Description of the task. Find the string "trace" in the data, then copy every line where it is found.

-- Opening Marker --

Definition is_max (P : nat -> Prop) (n : nat) : Prop := P n /\ forall m, P m -> m <= n.
Definition max_of (P : nat -> Prop) : nat := epsilon (inhabits 0) (is_max P).

Definition h_up (xi : form) : nat :=
  max_of (fun n => exists l, alt_chain (xi :: l) /\ length (xi :: l) = n).
Definition h_down (xi : form) : nat :=
  max_of (fun n => exists l, alt_chain (l ++ [xi]) /\ length (l ++ [xi]) = n).
Definition cd_of (psi : form) : nat :=
  max_of (fun n => exists l, alt_chain l /\ Forall (clos_equiv psi) l /\ length l = n).

Definition fp_odd (e : fp) : bool := match e with Mu => true | Nu => false end.

(* global priority map (only meaningful on fixpoint formulas) *)
Definition Omega_g (psi : form) : Z :=
  match psi with
  | FFix e _ _ =>
      let d := (Z.of_nat (cd_of psi) - Z.of_nat (h_up psi))%Z in
      if Bool.eqb (Z.odd d) (fp_odd e) then d else (d + 1)%Z
  | _ => 0%Z
  end.

Definition inf_often (t : nat -> form) (f : form) : Prop :=
  forall N, exists n, N <= n /\ t n = f.

Inductive player := PExists | PForall.

Definition exists_wins (t : nat -> form) : Prop :=
  exists f, is_fix f /\ inf_often t f /\ Z.even (Omega_g f) = true /\
    forall g, is_fix g -> inf_often t g -> (Omega_g g <= Omega_g f)%Z.

Definition winner (t : nat -> form) : player :=
  if excluded_middle_informative (exists_wins t) then PExists else PForall.

(* The map r |-> r[xi/x'] is studied on Clos chi'.  Two facts drive everything:
   - it commutes with the trace relation on formulas that bind neither x' nor a free
     variable of xi ([step_subst], [step_subst_inv]), and it preserves and reflects free
     subformulas ([fsub_subst], [fsub_subst_inv]);
   - it is undone by replacing xi with x' ([unsubst_subst]) on formulas that bind no x' and
     do not contain xi as a subformula, hence it is injective there.
   Every member of Clos chi' meets these conditions: it binds only variables of chi, and by
   an abstraction argument ([abstracts]) it is a pattern of a member of Clos chi, which does
   not contain xi since xi is not in Clos chi.  Parts (1)-(4) follow by induction along
   traces; part (5) by mapping alternating chains; part (6) because the winner of a trace is
   decided by the closure-order-greatest fixpoint occurring infinitely often, which is one
   of minimal size ([smallest_fix_is_top]) and is mapped to its counterpart. *)

From Stdlib Require Import Arith List ZArith Relations Lia Bool ClassicalEpsilon Classical
  FunctionalExtensionality PropExtensionality.
Import ListNotations.
(* Let $M$ be a mode for a program $P_1$, and assume that $P_1$ is safe w.r.t. $M$ and $P_1$ satisfies $M$. Let $C_1: H\leftarrow G_1,G_2,t_1\neq t_2,G_3$ be a clause in $P_1$, and let $P_2$ be the program derived from $P_1$ by replacing $C_1$ by the clause $C_2: H\leftarrow G_1,t_1\neq t_2,G_2,G_3$. Then (i) $P_2$ is safe w.r.t. $M$, (ii) $P_2$ satisfies $M$, and (iii) for each non-basic atom $A$ which satisfies $M$, $A$ succeeds in $P_1$ iff $A$ succeeds in $P_2$.
   Context: Syntax. Predicate symbols $\mathit{true}$, $=$, $\neq$ are basic, all others non-basic; function symbols form an infinite set. Basic atoms: $\mathit{true}$, $t_1=t_2$, $t_1\neq t_2$ (disequation); non-basic atoms: $p(t_1,\dots,t_m)$ with $p$ non-basic. A goal is a conjunction of atoms ('','' associative, neutral element $\mathit{true}$). A clause $C$ is $A\leftarrow G$ with non-basic head $hd(C)=A$ and body $bd(C)=G$; a program is a set of clauses. All mgu's are relevant and idempotent. A variable $X$ is a local variable of goal $G$ in clause $H\leftarrow G_1,G,G_2$ iff $X\in vars(G)-vars(H,G_1,G_2)$. Operational semantics (for program $P$): (1) $(t_1=t_2,G)\longmapsto_P G\vartheta$ if $t_1,t_2$ unify with mgu $\vartheta$; (2) $(t_1\neq t_2,G)\longmapsto_P G$ if $t_1,t_2$ are not unifiable; (3) $(A,G)\longmapsto_P(bd(C),G)\vartheta$ if $A$ is non-basic, $C$ is a renamed apart (fresh variables) clause of $P$ and $\vartheta$ is an mgu of $A$ and $hd(C)$. A goal $G_0$ succeeds in $P$ iff $G_0\longmapsto_P\cdots\longmapsto_P\mathit{true}$. $\longmapsto^*_P$ is the reflexive-transitive closure. Modes. A mode for a non-basic predicate $p$ of arity $h$ is $p(m_1,\dots,m_h)$, $m_i\in\{+,?\}$; argument $t_i$ of $p(t_1,\dots,t_h)$ is an input argument iff $m_i=+$, and variables in input arguments are input variables of the atom. A mode for a program is a set containing exactly one mode for each non-basic predicate occurring in it. An atom satisfies $M$ iff $M$ has a mode for its predicate and its input arguments are ground. A program $P$ satisfies $M$ iff for every non-basic atom $A_0$ satisfying $M$ and every non-basic atom $A$ and goal $G$ with $A_0\longmapsto^*_P(A,G)$, $A$ satisfies $M$. A clause $C$ is safe w.r.t. $M$ iff every variable of every disequation $t_1\neq t_2$ in $bd(C)$ is an input variable of $hd(C)$ or a local variable of $t_1\neq t_2$ in $C$; a program is safe iff all its clauses are. *)

From Stdlib Require Import List.
Import ListNotations.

-- Closing Marker --

Answer to the exercise.
   - it commutes with the trace relation on formulas that bind neither x' nor a free
   traces; part (5) by mapping alternating chains; part (6) because the winner of a trace is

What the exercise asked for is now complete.